Hence, I think that the company can probably do over $1b in revenues in 2014, likely still growing >20% for $1.2b in revenues for 2015. At a 27% margin (the company said long term margins should be > 30%), that would equate to ~$325m of EBITDA, EPS > $1.60 and FCF >$210m. Quality Software as a Service (SaaS) companies like Salesforce or Concur can trade anywhere from 5-7x forward sales. So with $1.2b in revenues in 2015, a 6x multiple would imply an Enterprise value of $7.2b in 2014 – adding in the cash and cash flow over that time and that would be a over an $8b equity value for >$80 a share 3 years from now. That would imply over 125% return from the IPO if done at $35. Similarly, applying a 50x forward PE multiple (reasonable as EPS should still be growing 50%+ at that point) to the EPS of $1.60 in 2015 would imply a target >$80 a share. Applying a similar free cash flow multiple would also support this level. Lastly, the top SaaS names can warrant a forward EBITDA multiple of 20-30x. Applying a 25x forward multiple would also derive a stock greater than $80 in 2014.

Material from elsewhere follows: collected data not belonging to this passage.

(* Let $\bar x\in\mathbb{C}^n$ be a sparsest solution of problem (P), i.e. an optimal solution of (P). Suppose $X^*\in\mathbb{C}^{(n+1)\times(n+1)}$ satisfies all of the following: - $B(X^* )=y$, where $y=(y_1,\dots,y_N)$; - $X^*$ is Hermitian positive semidefinite; - $\operatorname{rank}(X^* )=1$; - $X^*_{1,1}=1$. Suppose further that $B$ is $(\epsilon,2\|X^*\|_0)$-RIP for some $\epsilon<1$. Then: - $X^*=\begin{bmatrix}1\\ \bar x\end{bmatrix}\begin{bmatrix}1 & \bar x^H\end{bmatrix}$; - $X^*_{2:n+1,1}=\bar x$; - $X^*$ is the unique matrix with the properties listed above, and $\bar x$ is the unique sparsest solution of (P).
   Context: Fix integers $n,N\ge 1$ and data $a_i\in\mathbb{C}$, $b_i,c_i\in\mathbb{C}^n$, $Q_i\in\mathbb{C}^{n\times n}$, $y_i\in\mathbb{C}$ for $i=1,\dots,N$. Problem (P) is $$\min_{x\in\mathbb{C}^n}\|x\|_0\quad\text{subject to}\quad y_i=a_i+b_i^H x+x^H c_i+x^H Q_i x,\quad i=1,\dots,N.$$ Here $\|\cdot\|_0$ counts the nonzero entries of a vector or matrix, and ${}^H$ denotes conjugate transpose. Let $\Phi_i=\begin{bmatrix} a_i & b_i^H\\ c_i & Q_i\end{bmatrix}\in\mathbb{C}^{(n+1)\times(n+1)}$. Define the linear operator $B:\mathbb{C}^{(n+1)\times(n+1)}\to\mathbb{C}^N$ by $B(X)=(\operatorname{tr}(\Phi_i X))_{i=1}^N$. A linear operator $B$ of this form is called $(\epsilon,k)$-RIP if $\left|\frac{\|B(X)\|^2}{\|X\|^2}-1\right|<\epsilon$ for every nonzero $X\in\mathbb{C}^{(n+1)\times(n+1)}$ with $\|X\|_0\le k$. In this condition $\|B(X)\|$ is the Euclidean norm in $\mathbb{C}^N$ and $\|X\|$ is the spectral norm. $X_{2:n+1,1}$ denotes the vector formed by entries $2,\dots,n+1$ of the first column of $X$.
   Formalization: X* is unique only among matrices X′ that have the four listed properties and for which B is also (ε′, 2‖X′‖₀)-RIP for some ε′ < 1. The statement above fails without it. *)

(* The field of complex numbers is modelled by an arbitrary
   numClosedFieldType R (e.g. algC). *)
From HB Require Import structures.
From mathcomp Require Import all_boot all_order all_algebra.
Set Implicit Arguments. Unset Strict Implicit. Unset Printing Implicit Defensive.
Import Order.TTheory GRing.Theory Num.Theory.
Local Open Scope ring_scope.

Section Defs.
Variable R : numClosedFieldType.

Definition mxH m p (A : 'M[R]_(m, p)) : 'M[R]_(p, m) := (map_mx Num.conj A)^T.

Definition nnz m p (A : 'M[R]_(m, p)) : nat :=
  #|[set ij : 'I_m * 'I_p | A ij.1 ij.2 != 0]|.

Definition vnorm2 m (v : 'cV[R]_m) : R := \sum_i `|v i 0| ^+ 2.

Definition is_spectral_norm m p (X : 'M[R]_(m, p)) (s : R) : Prop :=
  0 <= s /\
  (forall v : 'cV[R]_p, vnorm2 (X *m v) <= s ^+ 2 * vnorm2 v) /\
  (exists2 v : 'cV[R]_p, v != 0 & vnorm2 (X *m v) = s ^+ 2 * vnorm2 v).

Definition Phi n (a : R) (b c : 'cV[R]_n) (Q : 'M[R]_n) : 'M[R]_(1 + n) :=
  block_mx (a%:M : 'M_1) (mxH b) c Q.

Definition Bop n N (a : 'I_N -> R) (b c : 'I_N -> 'cV[R]_n)
  (Q : 'I_N -> 'M[R]_n) (X : 'M[R]_(1 + n)) : 'cV[R]_N :=
  \col_i \tr (Phi (a i) (b i) (c i) (Q i) *m X).

Definition RIP n N (a : 'I_N -> R) (b c : 'I_N -> 'cV[R]_n)
  (Q : 'I_N -> 'M[R]_n) (eps : R) (k : nat) : Prop :=
  forall X : 'M[R]_(1 + n), X != 0 -> (nnz X <= k)%N ->
  forall s, is_spectral_norm X s ->
    `| vnorm2 (Bop a b c Q X) / s ^+ 2 - 1 | < eps.

Definition feasibleP n N (a : 'I_N -> R) (b c : 'I_N -> 'cV[R]_n)
  (Q : 'I_N -> 'M[R]_n) (y : 'I_N -> R) (x : 'cV[R]_n) : Prop :=
  forall i, y i = a i + (mxH (b i) *m x) 0 0 + (mxH x *m c i) 0 0
                  + (mxH x *m Q i *m x) 0 0.

Definition sparsestP n N (a : 'I_N -> R) (b c : 'I_N -> 'cV[R]_n)
  (Q : 'I_N -> 'M[R]_n) (y : 'I_N -> R) (x : 'cV[R]_n) : Prop :=
  feasibleP a b c Q y x /\
  forall x' : 'cV[R]_n, feasibleP a b c Q y x' -> (nnz x <= nnz x')%N.

Definition hermitian m (X : 'M[R]_m) : Prop := mxH X = X.
Definition psd m (X : 'M[R]_m) : Prop :=
  hermitian X /\ forall v : 'cV[R]_m, 0 <= (mxH v *m X *m v) 0 0.

Definition lifted_props n N (a : 'I_N -> R) (b c : 'I_N -> 'cV[R]_n)
  (Q : 'I_N -> 'M[R]_n) (y : 'I_N -> R) (X : 'M[R]_(1 + n)) : Prop :=
  Bop a b c Q X = \col_i y i /\ psd X /\ \rank X = 1%N /\
  X (lshift n (0 : 'I_1)) (lshift n (0 : 'I_1)) = 1.

Definition lift1 n (x : 'cV[R]_n) : 'cV[R]_(1 + n) := col_mx (1 : 'cV_1) x.

End Defs.

(* A Hermitian rank-one matrix with top-left entry 1 is an outer product
   [1; x][1; x]^H, and B sends it to y exactly when x is feasible for (P).
   The difference D of X* and [1; xbar][1; xbar]^H is therefore Hermitian with
   B(D) = 0, and since xbar is at least as sparse as x,
   ||D||_0 <= ||X*||_0 + (1 + ||xbar||_0)^2 <= 2 ||X*||_0.
   If D were nonzero, the RIP inequality at D would read |0 - 1| < eps < 1.
   Uniqueness of X* and of xbar follows by applying this to other solutions. *)

From Pilot Require Import Defs.
From HB Require Import structures.
From mathcomp Require Import all_boot all_order all_algebra.
From mathcomp Require Import sesquilinear spectral.
Import Order.TTheory GRing.Theory Num.Theory.
Set Implicit Arguments. Unset Strict Implicit. Unset Printing Implicit Defensive.
Local Open Scope ring_scope.
Local Open Scope sesquilinear_scope.

Section ConjugateTranspose.
Variable R : numClosedFieldType.

Lemma mxH_trmxC m p (A : 'M[R]_(m, p)) : mxH A = A ^t*.
Proof. by rewrite /mxH map_trmx. Qed.

Lemma mxH_coef m p (A : 'M[R]_(m, p)) i j : mxH A i j = (A j i)^*.
Proof. by rewrite !mxE. Qed.

Lemma mxH_mul m p q (A : 'M[R]_(m, p)) (B : 'M[R]_(p, q)) :
  mxH (A *m B) = mxH B *m mxH A.
Proof. by rewrite !mxH_trmxC trmx_mul map_mxM. Qed.

Lemma mxHK m p (A : 'M[R]_(m, p)) : mxH (mxH A) = A.
Proof. by rewrite !mxH_trmxC trmxCK. Qed.

Lemma mxHB m p (A B : 'M[R]_(m, p)) : mxH (A - B) = mxH A - mxH B.
Proof. by apply/matrixP=> i j; rewrite !mxE rmorphB. Qed.

Lemma outer_coef m p (u : 'cV[R]_m) (v : 'cV[R]_p) i j :
  (u *m mxH v) i j = u i 0 * (v j 0)^*.
Proof. by rewrite mxE big_ord1 mxH_coef. Qed.

End ConjugateTranspose.

Section EuclideanNorm.
Variable R : numClosedFieldType.

Lemma vnorm2E m (v : 'cV[R]_m) : vnorm2 v = (mxH v *m v) 0 0.
Proof. by rewrite mxE; apply: eq_bigr => i _; rewrite mxH_coef normCK mulrC. Qed.

Lemma vnorm2_0 m : vnorm2 (0 : 'cV[R]_m) = 0.
Proof. by rewrite vnorm2E mulmx0 mxE. Qed.

Lemma vnorm2_isometry m p (U : 'M[R]_(m, p)) (v : 'cV[R]_p) :
  mxH U *m U = 1%:M -> vnorm2 (U *m v) = vnorm2 v.
Proof.
by move=> UU; rewrite !vnorm2E mxH_mul mulmxA -(mulmxA (mxH v)) UU mulmx1.
Qed.

Lemma vnorm2_diag m (d : 'rV[R]_m) (v : 'cV[R]_m) :
  vnorm2 (diag_mx d *m v) = \sum_i `|d 0 i| ^+ 2 * `|v i 0| ^+ 2.
Proof. by apply: eq_bigr => i _; rewrite mul_diag_mx mxE normrM exprMn. Qed.

End EuclideanNorm.

Section SpectralNorm.
Variable R : numClosedFieldType.

Lemma exists_argmax_nneg m (f : 'I_m -> R) :
  (0 < m)%N -> (forall i, 0 <= f i) -> exists k, forall i, f i <= f k.
Proof.
elim: m f => // [[_ f _ _ | m IH f _ f_ge0]].
  by exists ord0 => i; rewrite ord1.
have [k fk_max] := IH (f \o lift ord0) isT (fun i => f_ge0 _).
have [f0_le | fk_le] := orP (ger_leVge (f_ge0 ord0) (f_ge0 (lift ord0 k))).
- exists (lift ord0 k) => i; case: (unliftP ord0 i) => [j ->|->] //.
  exact: fk_max.
- exists ord0 => i; case: (unliftP ord0 i) => [j ->|->] //.
  exact: le_trans (fk_max j) fk_le.
Qed.

Lemma is_spectral_norm_diag m (d : 'rV[R]_m) (k : 'I_m) :
  (forall i, `|d 0 i| <= `|d 0 k|) -> is_spectral_norm (diag_mx d) `|d 0 k|.
Proof.
move=> dk_max; split; [exact: normr_ge0 | split].
  move=> v; rewrite vnorm2_diag /vnorm2 big_distrr /=; apply: ler_sum => i _.
  by rewrite ler_wpM2r ?exprn_ge0 // lerXn2r ?nnegrE.
have delta_coef (i : 'I_m) : `|(delta_mx k 0 : 'cV[R]_m) i 0| ^+ 2 = (i == k)%:R.
  by rewrite mxE eqxx andbT; case: (i == k); rewrite ?normr1 ?normr0 ?expr1n ?expr0n.
exists (delta_mx k 0).
  by apply/eqP => /matrixP /(_ k 0) /eqP; rewrite !mxE !eqxx oner_eq0.
rewrite vnorm2_diag /vnorm2 (bigD1 k) //= [in RHS](bigD1 k) //= !big1 => [|i|i].
- by rewrite !delta_coef eqxx !addr0 mulr1.
- by move=> /negbTE ik; rewrite delta_coef ik.
- by move=> /negbTE ik; rewrite delta_coef ik mulr0.
Qed.

Lemma is_spectral_norm_unitary_conj m (P A : 'M[R]_m) (s : R) :
  P \is unitarymx -> is_spectral_norm A s -> is_spectral_norm (P ^t* *m A *m P) s.
Proof.
move=> /unitarymxP PPt [s_ge0 [A_le [v v_neq0 A_eq]]].
have PtP : mxH P *m P = 1%:M by rewrite mxH_trmxC; apply: mulmx1C.
have Pt_isometry : mxH (P ^t*) *m P ^t* = 1%:M by rewrite mxH_trmxC trmxCK.
have PAP_norm w : vnorm2 (P ^t* *m A *m P *m w) = vnorm2 (A *m (P *m w)).
  by rewrite -!mulmxA vnorm2_isometry.
split; [done | split].
  by move=> w; rewrite PAP_norm -(vnorm2_isometry w PtP); apply: A_le.
exists (P ^t* *m v).
  move: v_neq0; apply: contraNneq => /(congr1 (mulmx P)).
  by rewrite mulmxA PPt mul1mx mulmx0 => ->.
by rewrite PAP_norm (mulmxA P) PPt mul1mx (vnorm2_isometry _ Pt_isometry).
Qed.

Lemma normalmx_spectral_norm m (A : 'M[R]_m) :
  (0 < m)%N -> A \is normalmx -> exists s, is_spectral_norm A s.
Proof.
move=> m_gt0 /orthomx_spectralP; set P := spectralmx A; set d := spectral_diag A.
have P_unitary : P \is unitarymx := spectral_unitarymx A.
rewrite invmx_unitary // => ->.
have [k dk_max] := exists_argmax_nneg m_gt0 (fun i => normr_ge0 (d 0 i)).
by exists `|d 0 k|; apply/is_spectral_norm_unitary_conj/is_spectral_norm_diag.
Qed.

End SpectralNorm.

Section Sparsity.
Variable R : numClosedFieldType.

Lemma nnzE m p (A : 'M[R]_(m, p)) : nnz A = (\sum_i \sum_j (A i j != 0%R : nat))%N.
Proof.
rewrite /nnz -sum1_card big_mkcond /= pair_big /=.
by apply: eq_bigr => i _; rewrite inE; case: (_ != 0).
Qed.

Lemma nnzB m p (A B : 'M[R]_(m, p)) : (nnz (A - B) <= nnz A + nnz B)%N.
Proof.
apply: leq_trans (leq_card_setU _ _).1; apply/subset_leq_card/subsetP => ij.
rewrite !inE !mxE; apply: contraR; rewrite negb_or !negbK.
by move=> /andP[/eqP-> /eqP->]; rewrite subrr.
Qed.

Lemma nnz_outer m p (u : 'cV[R]_m) (v : 'cV[R]_p) :
  nnz (u *m mxH v) = (nnz u * nnz v)%N.
Proof.
rewrite !nnzE big_distrl /=; apply: eq_bigr => i _; rewrite big_ord1 big_distrr /=.
apply: eq_bigr => j _; rewrite big_ord1 outer_coef mulf_eq0 conjC_eq0 negb_or.
by case: (u i 0 != 0); case: (v j 0 != 0).
Qed.

Lemma nnz_lift1 n (x : 'cV[R]_n) : nnz (lift1 x) = (1 + nnz x)%N.
Proof.
rewrite !nnzE big_split_ord big_ord1 /= /lift1; congr addn.
  by rewrite big_ord1 col_mxEu mxE oner_neq0.
by apply: eq_bigr => i _; rewrite !big_ord1 col_mxEd.
Qed.

End Sparsity.

Section Lifting.
Variables (R : numClosedFieldType) (n N : nat).
Variables (a : 'I_N -> R) (b c : 'I_N -> 'cV[R]_n) (Q : 'I_N -> 'M[R]_n).
Local Notation e0 := (lshift n (0 : 'I_1)).
Local Notation B := (Bop a b c Q).

Lemma quad_lift1 (a0 : R) (b0 c0 x : 'cV[R]_n) (Q0 : 'M[R]_n) :
  (mxH (lift1 x) *m Phi a0 b0 c0 Q0 *m lift1 x) 0 0 =
  a0 + (mxH b0 *m x) 0 0 + (mxH x *m c0) 0 0 + (mxH x *m Q0 *m x) 0 0.
Proof.
have -> : mxH (lift1 x) = row_mx 1 (mxH x).
  rewrite /lift1 /mxH map_col_mx tr_col_mx; congr row_mx.
  by apply/matrixP=> i j; rewrite !ord1 !mxE eqxx conjC1.
rewrite /Phi /lift1 mul_row_block mul_row_col !mul1mx !mulmx1 mulmxDl !mxE.
by rewrite eqxx mulr1n !addrA (addrAC a0).
Qed.

Lemma Bop_outer (w : 'cV[R]_(1 + n)) i :
  B (w *m mxH w) i 0 = (mxH w *m Phi (a i) (b i) (c i) (Q i) *m w) 0 0.
Proof. by rewrite mxE mulmxA mxtrace_mulC mulmxA /mxtrace big_ord1. Qed.

Lemma BopB (X Y : 'M[R]_(1 + n)) : B (X - Y) = B X - B Y.
Proof. by apply/matrixP=> i j; rewrite !mxE mulmxBr linearB. Qed.

Lemma feasibleP_Bop_outer (y : 'I_N -> R) (x : 'cV[R]_n) :
  feasibleP a b c Q y x <-> B (lift1 x *m mxH (lift1 x)) = \col_i y i.
Proof.
split=> [x_feas | /matrixP B_eq i].
  by apply/matrixP=> i j; rewrite ord1 Bop_outer quad_lift1 mxE x_feas.
by have := B_eq i 0; rewrite Bop_outer quad_lift1 mxE => ->.
Qed.

Lemma lift1_top (x : 'cV[R]_n) : lift1 x e0 0 = 1.
Proof. by rewrite /lift1 col_mxEu mxE. Qed.

Lemma col_lift1_outer (x : 'cV[R]_n) : col e0 (lift1 x *m mxH (lift1 x)) = lift1 x.
Proof. by apply/matrixP=> i j; rewrite !ord1 mxE outer_coef lift1_top conjC1 mulr1. Qed.

(* All rows of X are multiples of row e0, whose entries are the conjugates of
   column e0 because X is Hermitian. *)
Lemma hermitian_rank1_outer (X : 'M[R]_(1 + n)) :
  Defs.hermitian X -> \rank X = 1%N -> X e0 e0 = 1 ->
  exists x : 'cV[R]_n, X = lift1 x *m mxH (lift1 x).
Proof.
move=> X_herm X_rank1 X00; exists (dsubmx (col e0 X)).
have row0_neq0 : row e0 X != 0.
  by apply/eqP => /matrixP /(_ 0 e0) /eqP; rewrite !mxE X00 oner_eq0.
have X_sub_row0 : (X <= row e0 X)%MS.
  have [_ <-] := mxrank_leqif_sup (row_sub e0 X).
  by rewrite X_rank1 rank_rV row0_neq0.
have -> : lift1 (dsubmx (col e0 X)) = col e0 X.
  rewrite /lift1 -[RHS]vsubmxK; congr col_mx.
  by apply/matrixP => i j; rewrite !ord1 !mxE X00.
apply/matrixP => i j; rewrite outer_coef !mxE.
have /sub_rVP [k /matrixP rowiE] := submx_trans (row_sub i X) X_sub_row0.
have := rowiE 0 j; have := rowiE 0 e0; have /matrixP Xe0j := X_herm.
rewrite !mxE X00 mulr1 => -> ->.
by rewrite -Xe0j mxH_coef.
Qed.

Lemma RIP_hermitian_kernel (eps : R) (k : nat) (D : 'M[R]_(1 + n)) :
  RIP a b c Q eps k -> eps <= 1 -> Defs.hermitian D -> (nnz D <= k)%N ->
  B D = 0 -> D = 0.
Proof.
move=> rip eps_le1 D_herm D_sparse BD0; apply/eqP; apply: contraT => D_neq0.
have D_normal : D \is normalmx by apply/normalmxP; rewrite -mxH_trmxC D_herm.
have [s s_norm] := normalmx_spectral_norm (ltn0Sn n) D_normal.
have := rip D D_neq0 D_sparse s s_norm.
rewrite BD0 vnorm2_0 mul0r sub0r normrN normr1 => lt1eps.
by have := lt_le_trans lt1eps eps_le1; rewrite ltxx.
Qed.

Lemma lifted_sparsest_outer (y : 'I_N -> R) (xbar : 'cV[R]_n)
    (X : 'M[R]_(1 + n)) (eps : R) :
  sparsestP a b c Q y xbar -> lifted_props a b c Q y X -> eps <= 1 ->
  RIP a b c Q eps (2 * nnz X) -> X = lift1 xbar *m mxH (lift1 xbar).
Proof.
move=> [xbar_feas xbar_min] [BX [[X_herm _] [X_rank1 X00]]] eps_le1 rip.
have [x X_outer] := hermitian_rank1_outer X_herm X_rank1 X00.
have x_feas : feasibleP a b c Q y x by apply/feasibleP_Bop_outer; rewrite -X_outer.
set Xbar := lift1 xbar *m mxH (lift1 xbar).
have BXbar : B Xbar = \col_i y i by apply/feasibleP_Bop_outer.
have Xbar_sparse : (nnz Xbar <= nnz X)%N.
  by rewrite X_outer !nnz_outer !nnz_lift1 leq_mul // leq_add2l (xbar_min x x_feas).
apply/eqP; rewrite -subr_eq0; apply/eqP.
apply: (RIP_hermitian_kernel rip eps_le1).
- by rewrite /Defs.hermitian mxHB X_herm /Xbar mxH_mul mxHK.
- by apply: leq_trans (nnzB _ _) _; rewrite mul2n -addnn leq_add2l.
- by rewrite BopB BX BXbar subrr.
Qed.

End Lifting.

Theorem theorem1 (R : numClosedFieldType) (n N : nat)
  (a : 'I_N -> R) (b c : 'I_N -> 'cV[R]_n) (Q : 'I_N -> 'M[R]_n)
  (y : 'I_N -> R) (xbar : 'cV[R]_n) (Xs : 'M[R]_(1 + n)) (eps : R) :
  (0 < n)%N -> (0 < N)%N ->
  sparsestP a b c Q y xbar ->
  lifted_props a b c Q y Xs ->
  eps < 1 ->
  RIP a b c Q eps (2 * nnz Xs) ->
  [/\ Xs = lift1 xbar *m mxH (lift1 xbar),
      dsubmx (col (lshift n (0 : 'I_1)) Xs) = xbar,
      (forall X' : 'M[R]_(1 + n), lifted_props a b c Q y X' ->
         (exists2 eps' : R, eps' < 1 & RIP a b c Q eps' (2 * nnz X')) ->
         X' = Xs)
    & (forall x' : 'cV[R]_n, sparsestP a b c Q y x' -> x' = xbar)].
Proof.
move=> _ _ xbar_sparsest Xs_props /ltW eps_le1 rip.
have Xs_outer := lifted_sparsest_outer xbar_sparsest Xs_props eps_le1 rip.
have col_Xs : dsubmx (col (lshift n (0 : 'I_1)) Xs) = xbar.
  by rewrite Xs_outer col_lift1_outer /lift1 col_mxKd.
split=> // [X' X'_props [eps' /ltW eps'_le1 rip'] | x' x'_sparsest].
  by rewrite Xs_outer (lifted_sparsest_outer xbar_sparsest X'_props eps'_le1 rip').
rewrite -col_Xs (lifted_sparsest_outer x'_sparsest Xs_props eps_le1 rip).
by rewrite col_lift1_outer /lift1 col_mxKd.
Qed.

How Big can LinkedIn Be? I think the most difficult part for investors will trying to sketch “how big LinkedIn can be?” As I mentioned above, the market for Hiring Solutions is almost $30b Is it reasonable that 20% is online over time (ecommerce expected to get up to 20% over time). That’s a $6b online hiring solutions market online. If LinkedIn establishes itself as the pre-imminent player in the space, it’s reasonable to think it could be a third of the online market or $2b of revenue from Hiring Solutions alone.
Next, layer on top of that the Talent Based Advertising market, which LinkedIn cites as $25b currently. Should 20% migrate online as well for another $5b target opportunity? Maybe LinkedIn takes 20% of that market for another $1b revenue opportunity? Together, that implies LinkedIn could reach $3b in revenues – at a 35% EBITDA margin that would be over $1b in EBITDA and $600m in earnings (40% tax rate) or $6 share. SaaS companies trade anywhere from 30-60x forward earnings. Since LinkedIn would be more likely more mature at this point, if we applied the low end of the range (30x multiple), that would imply a $180 stock. To be clear, I’m not saying this is where the stock should be immediately after the IPO, but I’m merely sketching the potential for the company should it continue to execute.
Summarizing. It’s hard to argue that LinkedIn is a unique company with strong leadership that is executing against a large opportunity. I think many investors will agree with that but will struggle with trying to figure out the right valuation. While the IPO may look expensive on short term numbers, I think by looking a little more long term, investors will appreciate what valuation LinkedIn could grow into. Lastly, investors should take note that not one of the 3 largest VCs are selling any shares (and management is barely selling any either) – it would appear as if they may agree with me.